10. Drummers are stupid:

  • Careful now – I have a PhD. As do British drumming-academics Dr. Mark Doffman, Dr. Gareth Dylan Smith, Dr. Matthew Brennan, and Australian Dr. Grant Collins, to name a few. There is a growing body of evidence to suggest that, in parallel with other musical instruments, drumming may be beneficial to the brain and mind. Christiane Northrup, M.D. suggests that the physical transmission of rhythmic energy to the brain actually synchronises the left and right hemispheres, enhancing your ‘inner guidance system’, or intuition.[2] Northrup goes on to suggest that “the sound of drumming generates new neuronal connections in all parts of the brain. The more connections that can be made within the brain, the more integrated our experiences become. This leads to a deeper sense of self-awareness”.

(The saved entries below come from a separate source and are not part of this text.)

(* Let $F\in\mathbb{C}[x]$ be a polynomial of degree $n\ge 2$, and let $\Delta$ be a disk in $\mathbb{C}$ that is $(\frac{1}{16n},16n^4)$-isolating for a set of $k$ roots of $F$ (counted with multiplicity). Then $T_k(\Delta,\frac32,F)$ holds.
   Context: $\Delta(m,r)$ denotes the open disk with center $m$ and radius $r>0$, and $\lambda\cdot\Delta(m,r):=\Delta(m,\lambda r)$. For $0<\rho_1\le 1\le\rho_2$ and a set $S$ of roots of $F$ (counted with multiplicity), a disk $\Delta$ is $(\rho_1,\rho_2)$-isolating for $S$ if $\rho_1\cdot\Delta$ contains exactly the roots in $S$ (with multiplicity) and $\rho_2\cdot\Delta\setminus\rho_1\cdot\Delta$ contains no root of $F$. The predicate $T_k(\Delta(m,r),K,F)$ holds iff $\left|\frac{F^{(k)}(m) r^k}{k!}\right|>K\sum_{i\neq k,\,0\le i\le n}\left|\frac{F^{(i)}(m)r^i}{i!}\right|$. *)

(* Complex numbers are modelled by an arbitrary
   numClosedFieldType C (algebraically closed field with a norm). *)
From HB Require Import structures.
From mathcomp Require Import all_boot all_order all_algebra.
Set Implicit Arguments. Unset Strict Implicit. Unset Printing Implicit Defensive.
Import Order.TTheory GRing.Theory Num.Theory.
Local Open Scope ring_scope.

Definition in_disk (C : numClosedFieldType) (m : C) (r : C) (z : C) : bool :=
  `|z - m| < r.

(* Delta(m,r) is (rho1,rho2)-isolating for a set of k roots of F
   (counted with multiplicity): writing F = lc(F) * prod_(z <- rs) (X - z),
   exactly k elements of rs (with multiplicity) lie in rho1*Delta, and no
   root lies in rho2*Delta \ rho1*Delta. *)
Definition isolating (C : numClosedFieldType) (F : {poly C}) (k : nat)
    (m r rho1 rho2 : C) : Prop :=
  exists rs : seq C,
    F = lead_coef F *: \prod_(z <- rs) ('X - z%:P) /\
    count (in_disk m (rho1 * r)) rs = k /\
    (forall z, z \in rs -> ~~ in_disk m (rho1 * r) z ->
                ~~ in_disk m (rho2 * r) z).

Definition Tk (C : numClosedFieldType) (k : nat) (m r K : C) (F : {poly C})
  : Prop :=
  `| (F^`(k)).[m] * r ^+ k / (k`!)%:R |>
    K * \sum_(i < (size F).-1.+1 | i != k :> nat)
          `| (F^`(i)).[m] * r ^+ i / (i`!)%:R |.

From HB Require Import structures.
From mathcomp Require Import all_boot all_order all_algebra.
From mathcomp Require Import ring.
Import Order.TTheory GRing.Theory Num.Theory.
Local Open Scope ring_scope.
Set Implicit Arguments. Unset Strict Implicit. Unset Printing Implicit Defensive.

(* Translating m to 0, the Taylor terms of F at m are the weighted coefficients
   T_i r^i of T(x) = F(m + x) = lc(F) * prod_z (x - (z - m)).  Weigh
   polynomials by |Q| = sum_i |Q_i| r^i and let d = 1/(16n).  A factor x - a
   with |a| < d r is x up to a perturbation of relative size d, and a factor
   with r <= d |a| is the constant -a up to a perturbation of relative size d.
   Isolation says every root is of one of these two kinds, k of them of the
   first, so T = c (x^k + Q) with |Q| <= ((1 + d)^n - 1) r^k <= r^k / 8, and the
   k-th term then outweighs the others by more than 3/2. *)

Section WeightedNorm.
Variables (R : numDomainType) (N : nat) (r : R).
Hypothesis r_ge0 : 0 <= r.

(* Only the coefficients of index below N are counted; N = size F suffices. *)
Definition wnorm (p : {poly R}) : R := \sum_(i < N) `|p`_i| * r ^+ i.

Lemma wnorm_ge0 p : 0 <= wnorm p.
Proof. by apply: sumr_ge0 => i _; rewrite mulr_ge0 ?exprn_ge0. Qed.

Lemma wnorm0 : wnorm 0 = 0.
Proof. by rewrite /wnorm big1 // => i _; rewrite coef0 normr0 mul0r. Qed.

Lemma wnormD p q : wnorm (p + q) <= wnorm p + wnorm q.
Proof.
rewrite /wnorm -big_split /=; apply: ler_sum => i _.
by rewrite coefD -mulrDl ler_wpM2r ?exprn_ge0 ?ler_normD.
Qed.

Lemma wnormN p : wnorm (- p) = wnorm p.
Proof. by apply: eq_bigr => i _; rewrite coefN normrN. Qed.

Lemma wnormB p q : wnorm (p - q) <= wnorm p + wnorm q.
Proof. by rewrite -(wnormN q) wnormD. Qed.

Lemma wnormZ a p : wnorm (a *: p) = `|a| * wnorm p.
Proof.
by rewrite /wnorm mulr_sumr; apply: eq_bigr => i _; rewrite coefZ normrM mulrA.
Qed.

Lemma wnormXM p : wnorm ('X * p) <= r * wnorm p.
Proof.
rewrite /wnorm; case: N => [|N']; first by rewrite !big_ord0 mulr0.
rewrite big_ord_recl coefXM eqxx normr0 mul0r add0r.
rewrite [in leRHS]big_ord_recr /= mulrDr mulr_sumr ler_wpDr ?mulr_ge0 ?exprn_ge0 //.
rewrite le_eqVlt (eq_bigr (fun i : 'I_N' => r * (`|p`_i| * r ^+ i))) ?eqxx //.
by move=> i _; rewrite coefXM /= exprS mulrCA.
Qed.

Lemma wnormXn j : wnorm 'X^j <= r ^+ j.
Proof.
elim: j => [|j IH].
  rewrite /wnorm; case: N => [|N']; first by rewrite big_ord0 expr0 ler01.
  rewrite big_ord_recl coef1 eqxx normr1 mul1r big1 ?addr0 //.
  by move=> i _; rewrite coef1 normr0 mul0r.
by rewrite exprS; apply: le_trans (wnormXM _) _; rewrite exprS ler_wpM2l.
Qed.

End WeightedNorm.

Section NearMonomial.
Variables (R : numFieldType) (N : nat) (r d : R).
Hypothesis r_gt0 : 0 < r.

Let r_ge0 : 0 <= r. Proof. exact: ltW. Qed.

Definition near_monomial (j : nat) (rho : R) (P : {poly R}) : Prop :=
  exists c Q, [/\ c != 0, P = c *: ('X^j + Q) & wnorm N r Q <= rho * r ^+ j].

Lemma near_monomial_mul_inner j rho a P : `|a| <= d * r ->
  near_monomial j rho P ->
  near_monomial j.+1 ((1 + d) * (1 + rho) - 1) (('X - a%:P) * P).
Proof.
move=> a_small [c [Q [c_neq0 -> Q_small]]].
exists c, ('X * Q - a *: 'X^j - a *: Q); split => //.
  by rewrite -!mul_polyC exprS; ring.
apply: le_trans (wnormB N r_ge0 _ _) _.
apply: le_trans (lerD (wnormB N r_ge0 _ _) (lexx _)) _; rewrite !wnormZ.
apply: (@le_trans _ _ (r * (rho * r ^+ j) + d * r * r ^+ j + d * r * (rho * r ^+ j))).
  apply: lerD; first apply: lerD.
  - by apply: le_trans (wnormXM N r_ge0 _) _; rewrite ler_wpM2l.
  - by apply: ler_pM => //; rewrite ?(wnorm_ge0 N r_ge0) ?(wnormXn N r_ge0).
  - by apply: ler_pM; rewrite ?(wnorm_ge0 N r_ge0).
by rewrite exprS le_eqVlt; apply/orP; left; apply/eqP; ring.
Qed.

Lemma near_monomial_mul_outer j rho a P : r <= d * `|a| ->
  near_monomial j rho P ->
  near_monomial j ((1 + d) * (1 + rho) - 1) (('X - a%:P) * P).
Proof.
move=> a_large [c [Q [c_neq0 -> Q_small]]].
have a_neq0 : a != 0.
  by apply: contraTneq a_large => ->; rewrite normr0 mulr0 (lt_geF r_gt0).
have inv_small : `|a^-1| * r <= d.
  by rewrite normfV mulrC ler_pdivrMr ?normr_gt0.
exists (c * - a), (Q - a^-1 *: 'X^(j.+1) - a^-1 *: ('X * Q)); split.
- by rewrite mulf_neq0 ?oppr_eq0.
- have aK : a%:P * a^-1%:P = 1 by rewrite -polyCM mulfV.
  rewrite -!mul_polyC polyCM polyCN.
  transitivity (c%:P * (- a%:P * ('X^j + Q) + a%:P * a^-1%:P * ('X * 'X^j + 'X * Q))).
    by rewrite aK; ring.
  by rewrite exprS; ring.
apply: le_trans (wnormB N r_ge0 _ _) _.
apply: le_trans (lerD (wnormB N r_ge0 _ _) (lexx _)) _; rewrite !wnormZ.
apply: (@le_trans _ _ (rho * r ^+ j + d * r ^+ j + d * (rho * r ^+ j))).
  apply: lerD; first apply: lerD => //.
  - apply: le_trans (ler_wpM2l (normr_ge0 _) (wnormXn N r_ge0 _)) _.
    by rewrite exprS mulrA ler_wpM2r ?exprn_ge0.
  - apply: le_trans (ler_wpM2l (normr_ge0 _) (wnormXM N r_ge0 _)) _.
    by rewrite mulrA ler_pM ?mulr_ge0 ?(wnorm_ge0 N r_ge0).
by rewrite le_eqVlt; apply/orP; left; apply/eqP; ring.
Qed.

Lemma near_monomial_prod (s : seq R) :
  (forall a, a \in s -> `|a| < d * r \/ r <= d * `|a|) ->
  near_monomial (count (fun a => `|a| < d * r) s) ((1 + d) ^+ size s - 1)
    (\prod_(a <- s) ('X - a%:P)).
Proof.
elim: s => [|a s IH] s_split.
  exists 1, 0; split; rewrite ?oner_neq0 ?wnorm0 ?subrr ?mul0r //.
  by rewrite big_nil expr0 addr0 scale1r.
have IHs := IH (fun b bs => s_split b (@mem_behead _ (a :: s) b bs)).
rewrite big_cons /= exprS -(subrK 1 ((1 + d) ^+ size s)) [_ - 1 + 1]addrC.
have [a_in | a_out] := boolP (`|a| < d * r).
  by rewrite add1n; apply: near_monomial_mul_inner (ltW a_in) IHs.
rewrite add0n; apply: near_monomial_mul_outer IHs.
by case: (s_split a (mem_head _ _)) => // a_in; rewrite a_in in a_out.
Qed.

Lemma near_monomial_scale a j rho P : a != 0 ->
  near_monomial j rho P -> near_monomial j rho (a *: P).
Proof.
move=> a_neq0 [c [Q [c_neq0 -> Q_small]]].
by exists (a * c), Q; rewrite scalerA mulf_neq0.
Qed.

Lemma near_monomial_dominant k rho P : (k < N)%N -> rho <= 1 / 8 ->
  near_monomial k rho P ->
  3 / 2 * \sum_(i < N | i != k :> nat) `|P`_i| * r ^+ i < `|P`_k| * r ^+ k.
Proof.
move=> k_lt rho_small [e [Q [e_neq0 -> Q_small]]].
have coefP i :
    `|(e *: ('X^k + Q))`_i| * r ^+ i = `|e| * (`|(i == k)%:R + Q`_i| * r ^+ i).
  by rewrite coefZ coefD coefXn normrM mulrA.
set S := \sum_(i < N | i != k :> nat) `|Q`_i| * r ^+ i.
set q := `|Q`_k| * r ^+ k.
have wnormQ : wnorm N r Q = q + S by rewrite /wnorm (bigD1 (Ordinal k_lt)).
have -> : \sum_(i < N | i != k :> nat) `|(e *: ('X^k + Q))`_i| * r ^+ i
    = `|e| * S.
  by rewrite mulr_sumr; apply: eq_bigr => i ik; rewrite coefP (negbTE ik) add0r.
rewrite coefP eqxx mulrCA ltr_pM2l ?normr_gt0 //.
have Q_le : wnorm N r Q <= r ^+ k * (1 / 8).
  by apply: le_trans Q_small _; rewrite mulrC ler_wpM2l ?exprn_ge0.
have q_S_small : 3 / 2 * S + q < r ^+ k.
  apply: (@le_lt_trans _ _ (3 / 2 * (r ^+ k * (1 / 8)))).
    apply: le_trans (_ : _ <= 3 / 2 * wnorm N r Q) _; last first.
      by rewrite ler_wpM2l ?divr_ge0 ?ler0n.
    rewrite wnormQ -subr_ge0 (_ : _ - _ = q / 2); last by field.
    by rewrite divr_ge0 ?mulr_ge0 ?exprn_ge0 ?ler0n.
  rewrite -subr_gt0 (_ : _ - _ = 13 / 16 * r ^+ k); last by field.
  by rewrite mulr_gt0 ?divr_gt0 ?ltr0n ?exprn_gt0.
apply: (@lt_le_trans _ _ (r ^+ k - q)); first by rewrite ltrBrDr.
rewrite -{1}(mul1r (r ^+ k)) -mulrBl ler_wpM2r ?exprn_ge0 //.
by rewrite -{1}(normr1 R) lerB_normD.
Qed.

End NearMonomial.

Lemma expr1D_ub (R : numDomainType) (x : R) s : 0 <= x ->
  2 * (s%:R * x) <= 1 -> (1 + x) ^+ s <= 1 + 2 * (s%:R * x).
Proof.
move=> x_ge0; elim: s => [|s IH] sx_small; first by rewrite expr0 mul0r mulr0 addr0.
have sx_le : 2 * (s%:R * x) <= 1.
  by apply: le_trans sx_small; rewrite ler_wpM2l ?ler0n // ler_wpM2r // ler_nat.
rewrite exprS mulrC; apply: le_trans (ler_wpM2r _ (IH sx_le)) _.
  by rewrite addr_ge0.
rewrite -subr_ge0.
have -> : 1 + 2 * (s.+1%:R * x) - (1 + 2 * (s%:R * x)) * (1 + x) =
          x * (1 - 2 * (s%:R * x)) by rewrite mulrS; ring.
by rewrite mulr_ge0 // subr_ge0.
Qed.

Lemma expr1D_inv16n_le (R : numFieldType) n : (0 < n)%N ->
  (1 + 1 / (16 * n%:R)) ^+ n - 1 <= 1 / 8 :> R.
Proof.
move=> n_gt0; set d := 1 / (16 * n%:R).
have nd : 2 * (n%:R * d) = 1 / 8 by rewrite /d; field; rewrite pnatr_eq0 -lt0n.
rewrite lerBlDl -nd; apply: expr1D_ub; first by rewrite divr_ge0 ?mulr_ge0 ?ler0n.
by rewrite nd ler_pdivrMr ?ltr0n // mul1r ler1n.
Qed.

Lemma taylor_coef (R : numFieldType) (F : {poly R}) (m : R) i :
  (F \Po ('X + m%:P))`_i = (F^`(i)).[m] / (i`!)%:R.
Proof.
have derivn_shift j : (F \Po ('X + m%:P))^`(j) = F^`(j) \Po ('X + m%:P).
  elim: j => [|j IH] //; rewrite !derivnS IH deriv_comp derivD derivX derivC.
  by rewrite addr0 mulr1.
apply/esym; have -> : (F^`(i)).[m] = ((F \Po ('X + m%:P))^`(i)).[0].
  by rewrite derivn_shift horner_comp hornerD hornerX hornerC add0r.
rewrite horner_coef0 coef_derivn addn0 ffactnn -[_ *+ i`!]mulr_natr mulfK //.
by rewrite pnatr_eq0 -lt0n fact_gt0.
Qed.

Lemma norm_taylor_term (R : numFieldType) (F : {poly R}) (m r : R) i :
  0 <= r ->
  `|(F^`(i)).[m] * r ^+ i / (i`!)%:R| = `|(F \Po ('X + m%:P))`_i| * r ^+ i.
Proof.
by move=> r_ge0; rewrite mulrAC -taylor_coef normrM (ger0_norm (exprn_ge0 i r_ge0)).
Qed.

Lemma comp_XaddC_prod_XsubC (R : comNzRingType) (m : R) (s : seq R) :
  (\prod_(z <- s) ('X - z%:P)) \Po ('X + m%:P) = \prod_(z <- s) ('X - (z - m)%:P).
Proof.
rewrite rmorph_prod; apply: eq_bigr => z _ /=.
by rewrite comp_polyB comp_polyX comp_polyC polyCB opprB addrA.
Qed.

Lemma far_from_isolating_disk (C : numClosedFieldType) (n : nat) (m r z : C) :
  (0 < n)%N -> 0 <= r -> ~~ in_disk m (16 * n%:R ^+ 4 * r) z ->
  r <= 1 / (16 * n%:R) * `|z - m|.
Proof.
rewrite /in_disk => n_gt0 r_ge0 z_far.
have far : 16 * n%:R ^+ 4 * r <= `|z - m|.
  by rewrite real_leNgt ?z_far ?normr_real // ger0_real // !mulr_ge0 ?exprn_ge0.
rewrite mul1r mulrC ler_pdivlMr ?mulr_gt0 ?ltr0n //; apply: le_trans far.
rewrite mulrC ler_wpM2r // ler_wpM2l // -natrX ler_nat.
by rewrite -[X in (X <= _)%N]expn1 leq_pexp2l.
Qed.

Theorem corollary3p3 (C : numClosedFieldType) (F : {poly C}) (n k : nat)
    (m r : C) :
  (2 <= n)%N -> size F = n.+1 -> 0 < r ->
  isolating F k m r (1 / (16 * n%:R)) (16 * n%:R ^+ 4) ->
  Tk k m r (3 / 2) F.
Proof.
move=> n_ge2 size_F r_gt0 [rs [F_eq [count_rs rs_split]]].
set d := 1 / (16 * n%:R) in count_rs rs_split.
have n_gt0 : (0 < n)%N by apply: leq_trans n_ge2.
have lcF_neq0 : lead_coef F != 0 by rewrite lead_coef_eq0 -size_poly_gt0 size_F.
have size_rs : size rs = n.
  move: (congr1 (fun p : {poly C} => size p) F_eq).
  by rewrite /= size_scale // size_prod_XsubC size_F => -[].
have shifted_split a : a \in map (fun z => z - m) rs ->
    `|a| < d * r \/ r <= d * `|a|.
  case/mapP => z z_in ->; have [z_near | z_out] := boolP (in_disk m (d * r) z).
    by left.
  by right; apply: far_from_isolating_disk (rs_split z z_in z_out); rewrite ?ltW.
have := near_monomial_prod n.+1 r_gt0 shifted_split.
rewrite big_map count_map size_map size_rs -comp_XaddC_prod_XsubC.
rewrite (eq_count (a2 := in_disk m (d * r))) // count_rs => prod_near.
rewrite /Tk size_F /= norm_taylor_term ?(ltW r_gt0) //.
under eq_bigr => i _ do rewrite norm_taylor_term ?(ltW r_gt0) //.
apply: near_monomial_dominant (expr1D_inv16n_le _ n_gt0) _ => //.
  by rewrite ltnS -size_rs -count_rs count_size.
by rewrite F_eq comp_polyZ; apply: near_monomial_scale.
Qed.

                                                    And here’s a free bonus for getting this far:

11.  Drumming will make you rich: 

  • In monetary terms? Highly unlikely. In friends, experiences, and improved cognitive skills? Almost inevitable.

So there we are. Now go and get those tubs and quit worrying!

 

[1] The origins of this myth are explored in greater depth in my recent book ‘Uncharted: Creativity and the Expert Drummer’ (2018) University of  Michigan Press.